Today we laid to rest my father in law John. It was an immensely emotional experience. He had a military burial. Military burials are all about respect.
the day was rainy and gray and cold. We drove up to Willamette National Cemetery and met our family. We were instructed to line up our cars in a certain section of the cemetery and wait for our escort. It’s an odd experiece to just sit and wait. Shortly before 10:30 (the time for the funeral to begin) our escort came for us. We followed. As we came around a bend we could see a wooden ‘shelter’ and in front of that shelter was an armed honor guard. They stood there in respectful formation and directed us to the shelter. The moment I saw the guard I began to cry. I know the guard is standard but I felt…John was important to us and here was this honor guard showing their respects because he was important to them. I don’t know if I can describe it. It was overwhelming. After being seated in this lovely shelter, one of the directors at the cemetery very respectfully addressed us and started the military part of the funeral. They started with a 3-gun salute. It’s very jarring, hearing those shots and yet somehow, a release. I was very stirred by it. The whole time I was thinking “John would have liked this!”. Following salute ‘taps’ was played. I’ve heard taps played any number of times in movies and the like but it never had meaning until I heard it played today. It was grief and release all together. When taps was completed the honor guard did the presentation of the flag, an elaborate unfolding, refolding and presentation of the flag to the widow “on behalf of a grateful nation”. Then, they presented the shell casings to JoAnn with more words of gratitude. JoAnn said they looked in her eyes the whole time and she felt their sincerity. It was beautiful.
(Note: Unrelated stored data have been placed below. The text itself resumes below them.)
(* Let $a,b>0$, $\chi_1,\chi_2\ge0$, $\lambda_1,\lambda_2,\mu_1,\mu_2>0$ with $b+\chi_2\mu_2>\chi_1\mu_1+M$. Let $0<\mu<\min\{1,\sqrt{\lambda_1/a},\sqrt{\lambda_2/a}\}$, $\tilde\mu\in(\mu,\min\{1,2\mu,\sqrt{\lambda_1/a},\sqrt{\lambda_2/a}\})$, $d>1$, and $u\in\mathcal E_\mu$. Then for every $x\in\mathbb R$, writing $\Phi=(\chi_2\lambda_2V_2-\chi_1\lambda_1V_1)(x;u)$, $\sigma=\chi_2\mu_2\lambda_2-\chi_1\mu_1\lambda_1$, $\varphi=\varphi_\mu(x)$, $$\Phi\le\min\Big\{(\sigma)_+\min\{\tfrac{C_0}{\lambda_2},\tfrac{\varphi}{\lambda_2-a\mu^2}\}+\chi_1\mu_1\lambda_1\min\{\tfrac{C_0(\lambda_1-\lambda_2)_+}{\lambda_1\lambda_2},\tfrac{\varphi(\lambda_1-\lambda_2)_+}{(\lambda_1-a\mu^2)(\lambda_2-a\mu^2)}\},\ (\sigma)_+\min\{\tfrac{C_0}{\lambda_1},\tfrac{\varphi}{\lambda_1-a\mu^2}\}+\chi_2\mu_2\lambda_2\min\{\tfrac{C_0(\lambda_1-\lambda_2)_+}{\lambda_1\lambda_2},\tfrac{\varphi(\lambda_1-\lambda_2)_+}{(\lambda_1-a\mu^2)(\lambda_2-a\mu^2)}\}\Big\}$$ and $$\Phi\ge\max\Big\{-(\sigma)_-\min\{\tfrac{C_0}{\lambda_2},\tfrac{\varphi}{\lambda_2-a\mu^2}\}-\chi_1\mu_1\lambda_1\min\{\tfrac{C_0(\lambda_1-\lambda_2)_-}{\lambda_1\lambda_2},\tfrac{\varphi(\lambda_1-\lambda_2)_-}{(\lambda_1-a\mu^2)(\lambda_2-a\mu^2)}\},\ -(\sigma)_-\min\{\tfrac{C_0}{\lambda_1},\tfrac{\varphi}{\lambda_1-a\mu^2}\}-\chi_2\mu_2\lambda_2\min\{\tfrac{C_0(\lambda_1-\lambda_2)_-}{\lambda_1\lambda_2},\tfrac{\varphi(\lambda_1-\lambda_2)_-}{(\lambda_1-a\mu^2)(\lambda_2-a\mu^2)}\}\Big\}.$$
   Context: $(r)_+=\max\{r,0\}$, $(r)_-=\max\{-r,0\}$. $M=\min\{\frac{(\chi_2\mu_2\lambda_2-\chi_1\mu_1\lambda_1)_++\chi_1\mu_1(\lambda_1-\lambda_2)_+}{\lambda_2},\frac{\chi_2\mu_2(\lambda_1-\lambda_2)_++(\chi_2\mu_2\lambda_2-\chi_1\mu_1\lambda_1)_+}{\lambda_1}\}$, $C_0=\frac{a}{b+\chi_2\mu_2-\chi_1\mu_1-M}$, $\varphi_\mu(x)=e^{-\sqrt a\mu x}$, $U^+_\mu=\min\{C_0,\varphi_\mu\}$, $U^-_\mu=\max\{0,\varphi_\mu-d\varphi_{\tilde\mu}\}$, $\mathcal E_\mu=\{u\in C^b_{\rm unif}(\mathbb R): U^-_\mu\le u\le U^+_\mu\}$ where $C^b_{\rm unif}(\mathbb R)$ is the space of bounded uniformly continuous functions. For $i=1,2$, $V_i(x;u)=\mu_i\int_0^\infty\int_{\mathbb R}\frac{e^{-\lambda_i s}}{\sqrt{4\pi s}}e^{-\frac{|x-z|^2}{4s}}u(z)\,dz\,ds$. *)

From HB Require Import structures.
From mathcomp Require Import all_boot all_order all_algebra.
From mathcomp Require Import all_classical all_reals all_analysis.
Set Implicit Arguments. Unset Strict Implicit. Unset Printing Implicit Defensive.
Import Order.TTheory GRing.Theory Num.Theory.
Import numFieldNormedType.Exports.
Local Open Scope classical_set_scope.
Local Open Scope ring_scope.

Section Defs.
Variable R : realType.

Definition ppart (r : R) : R := Num.max r 0.
Definition npart (r : R) : R := Num.max (- r) 0.

Definition Mconst (chi1 chi2 mu1 mu2 l1 l2 : R) : R :=
  Num.min
    ((ppart (chi2 * mu2 * l2 - chi1 * mu1 * l1) + chi1 * mu1 * ppart (l1 - l2)) / l2)
    ((chi2 * mu2 * ppart (l1 - l2) + ppart (chi2 * mu2 * l2 - chi1 * mu1 * l1)) / l1).

Definition C0 (a b chi1 chi2 mu1 mu2 l1 l2 : R) : R :=
  a / (b + chi2 * mu2 - chi1 * mu1 - Mconst chi1 chi2 mu1 mu2 l1 l2).

Definition varphi (a mu x : R) : R := expR (- (Num.sqrt a * mu * x)).

Definition Uplus (a b chi1 chi2 mu1 mu2 l1 l2 mu : R) (x : R) : R :=
  Num.min (C0 a b chi1 chi2 mu1 mu2 l1 l2) (varphi a mu x).

Definition Uminus (a mu mut d : R) (x : R) : R :=
  Num.max 0 (varphi a mu x - d * varphi a mut x).

Definition bdd_unif_cont (u : R -> R) : Prop :=
  (exists B : R, forall x, `|u x| <= B) /\
  (forall e : R, 0 < e -> exists2 del : R, 0 < del &
      forall x y : R, `|x - y| < del -> `|u x - u y| < e).

Definition in_E (a b chi1 chi2 mu1 mu2 l1 l2 mu mut d : R) (u : R -> R) : Prop :=
  bdd_unif_cont u /\
  forall x, Uminus a mu mut d x <= u x /\ u x <= Uplus a b chi1 chi2 mu1 mu2 l1 l2 mu x.

Definition kern (l x s z : R) : R :=
  expR (- (l * s)) / Num.sqrt (4 * pi * s) * expR (- ((x - z) ^+ 2 / (4 * s))).

Definition Vop (l mui : R) (u : R -> R) (x : R) : R :=
  mui * fine (\int[lebesgue_measure]_(s in `]0%R, +oo[)
                 (\int[lebesgue_measure]_(z in [set: R]) (kern l x s z * u z)%:E))%E.

End Defs.

From HB Require Import structures.
From mathcomp Require Import all_boot all_order all_algebra.
From mathcomp Require Import all_classical all_reals all_analysis.
From mathcomp Require Import measurable_realfun ring lra.
Set Implicit Arguments. Unset Strict Implicit.
Import Order.TTheory GRing.Theory Num.Theory.
Import numFieldNormedType.Exports.
Local Open Scope ring_scope.
Local Open Scope classical_set_scope.

(* With [H s := (e^{s Delta} u)(x)], each [V_i(x;u)] is [mu_i] times the Laplace
   transform of [H] at [lambda_i]. A Gaussian computation turns [0 <= u <= C_0] and
   [u z <= e^{-sqrt a mu z}] into [0 <= H s <= min (C_0, phi_mu(x) e^{a mu^2 s})].
   Integrating these envelopes against [e^{-lambda s}] bounds [J_i := V_i/mu_i], and
   against [e^{-lambda_2 s} - e^{-lambda_1 s}] (of constant sign) bounds [J_2 - J_1].
   Finally [Phi = sigma J_2 + chi_1 mu_1 lambda_1 (J_2 - J_1)
               = sigma J_1 + chi_2 mu_2 lambda_2 (J_2 - J_1)]. *)

Section positive_part.
Variable R : realType.
Implicit Types r : R.

Lemma ger0_ppart r : 0 <= r -> ppart r = r.
Proof. exact/max_idPl. Qed.

Lemma ler0_ppart r : r <= 0 -> ppart r = 0.
Proof. exact/max_idPr. Qed.

Lemma ppart_ge0 r : 0 <= ppart r.
Proof. by rewrite le_max lexx orbT. Qed.

Lemma ppart_ge r : r <= ppart r.
Proof. by rewrite le_max lexx. Qed.

Lemma npartE r : npart r = ppart (- r).
Proof. by []. Qed.

End positive_part.

Lemma ge0_integralD_le d (T : measurableType d) (R : realType)
    (mu : {measure set T -> \bar R}) (D : set T) (f1 f2 g1 g2 : T -> R) :
  measurable D ->
  measurable_fun D (EFin \o f1) -> measurable_fun D (EFin \o f2) ->
  measurable_fun D (EFin \o g1) -> measurable_fun D (EFin \o g2) ->
  (forall x, D x -> 0 <= f1 x) -> (forall x, D x -> 0 <= f2 x) ->
  (forall x, D x -> 0 <= g1 x) -> (forall x, D x -> 0 <= g2 x) ->
  (forall x, D x -> f1 x + f2 x <= g1 x + g2 x) ->
  (\int[mu]_(x in D) (f1 x)%:E + \int[mu]_(x in D) (f2 x)%:E <=
   \int[mu]_(x in D) (g1 x)%:E + \int[mu]_(x in D) (g2 x)%:E)%E.
Proof.
move=> mD mf1 mf2 mg1 mg2 f10 f20 g10 g20 fg.
have ge0E f : (forall x, D x -> 0 <= f x) -> forall x, D x -> (0 <= (f x)%:E)%E.
  by move=> f0 x Dx; rewrite lee_fin f0.
rewrite -!ge0_integralD ?ge0E //; apply: ge0_le_integral.
- exact: mD.
- by move=> x Dx; rewrite adde_ge0 ?ge0E.
- exact: emeasurable_funD.
- exact: emeasurable_funD.
- by move=> x Dx; rewrite -!EFinD lee_fin fg.
Qed.

Section laplace_transform.
Variable R : realType.
Implicit Types (c k p q : R) (f g : R -> R).

Definition laplace p f : \bar R :=
  (\int[lebesgue_measure]_(s in `]0%R, +oo[) (expR (- (p * s)) * f s)%:E)%E.

Lemma measurable_expRNM c : measurable_fun [set: R] (fun s => expR (- (c * s))).
Proof. by apply: measurableT_comp => //; apply: measurable_funN; apply: measurable_funM. Qed.

Lemma integral_expRNM c : 0 < c ->
  (\int[lebesgue_measure]_(s in `]0%R, +oo[) (expR (- (c * s)))%:E)%E = (c^-1)%:E.
Proof.
move=> c0.
have me : measurable_fun [set: R] (fun s : R => (expR (- (c * s)))%:E).
  by apply/measurable_EFinP; exact: measurable_expRNM.
rewrite integral_itv_obnd_cbnd; last exact: measurable_funTS me.
have : (c%:E * \int[lebesgue_measure]_(s in `[0%R, +oo[) (expR (- (c * s)))%:E = 1)%E.
  rewrite -ge0_integralZl ?lee_fin ?(ltW c0) //.
  - rewrite -(integral_exponential_pdf c0) integral_mkcond.
    apply: eq_integral => s _; rewrite /exponential_pdf !patchE.
    by case: ifP => _ //; rewrite EFinM mulNr.
  - exact: measurable_funTS me.
have : (0 <= \int[lebesgue_measure]_(s in `[0%R, +oo[) (expR (- (c * s)))%:E)%E.
  by apply: integral_ge0 => s _; rewrite lee_fin expR_ge0.
case: (\int[_]_(_ in _) _)%E => [r _ | _ | //].
- rewrite -EFinM => -[crE]; congr EFin.
  by rewrite -[c^-1]mulr1 -crE mulKf ?gt_eqF.
- by rewrite gt0_muley ?lte_fin.
Qed.

Lemma measurable_laplace_integrand p f : measurable_fun [set: R] f ->
  measurable_fun (`]0%R, +oo[ : set R) (fun s => (expR (- (p * s)) * f s)%:E).
Proof.
move=> mf; apply/measurable_EFinP/measurable_funTS/measurable_funM => //.
exact: measurable_expRNM.
Qed.

Lemma laplace_expR k q p : 0 <= k -> q < p ->
  laplace p (fun s => k * expR (q * s)) = (k / (p - q))%:E.
Proof.
move=> k0 qp; rewrite /laplace.
under eq_integral => s _.
  rewrite mulrCA -expRD (_ : - (p * s) + q * s = - ((p - q) * s)); last by ring.
  rewrite EFinM; over.
rewrite ge0_integralZl ?integral_expRNM ?subr_gt0 //.
by apply/measurable_EFinP; exact: measurable_funTS (measurable_expRNM _).
Qed.

Variable h : R -> R.
Hypotheses (mh : measurable_fun [set: R] h) (h_ge0 : forall s, 0 < s -> 0 <= h s).

Let laplace_integrand_ge0 p f : (forall s, 0 < s -> 0 <= f s) ->
  forall s, `]0%R, +oo[ s -> 0 <= expR (- (p * s)) * f s.
Proof. by move=> f0 s; rewrite /= in_itv /= andbT => s0; rewrite mulr_ge0 ?expR_ge0 ?f0. Qed.

Let measurable_exp_envelope k r : measurable_fun [set: R] (fun s => k * expR (r * s)).
Proof. by apply: measurable_funM => //; apply: measurableT_comp => //; apply: measurable_funM. Qed.

Lemma laplace_ge0 p : (0 <= laplace p h)%E.
Proof. by apply: integral_ge0 => s s0; rewrite lee_fin laplace_integrand_ge0. Qed.

Lemma le_laplace g p : measurable_fun [set: R] g -> (forall s, 0 < s -> h s <= g s) ->
  (laplace p h <= laplace p g)%E.
Proof.
move=> mg hg; apply: ge0_le_integral => //.
- by move=> s s0; rewrite lee_fin laplace_integrand_ge0.
- exact: measurable_laplace_integrand.
- exact: measurable_laplace_integrand.
- by move=> s; rewrite /= in_itv /= andbT => s0; rewrite lee_fin ler_wpM2l ?expR_ge0 ?hg.
Qed.

Lemma laplace_antitone p p' : p' <= p -> (laplace p h <= laplace p' h)%E.
Proof.
move=> pp'; apply: ge0_le_integral => //.
- by move=> s s0; rewrite lee_fin laplace_integrand_ge0.
- exact: measurable_laplace_integrand.
- exact: measurable_laplace_integrand.
move=> s; rewrite /= in_itv /= andbT => s0.
by rewrite lee_fin ler_wpM2r ?h_ge0 // ler_expR lerN2 ler_wpM2r // ltW.
Qed.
When the military honors concluded my John spoke. He had just a few minutes to speak about his father. He was very emotional. It took a while for him to gather his composure but when he did he spoke about how much he admired his father and he spoke specifically about the 3 things his father taught him- the importance of being a good borrower (always return what you borrow & return it in the same or better condition that you recieved it in), the value of hard work, and service. It was very sweet. I was proud of my Johnny for all that he said and for his willingness to expose his true feelings for his father. We completed the service with John reading a poem titled “May you always walk in sunshine”.
I don’t know how to express how such a short (less than 30 minutes long)service could be so affecting and touching.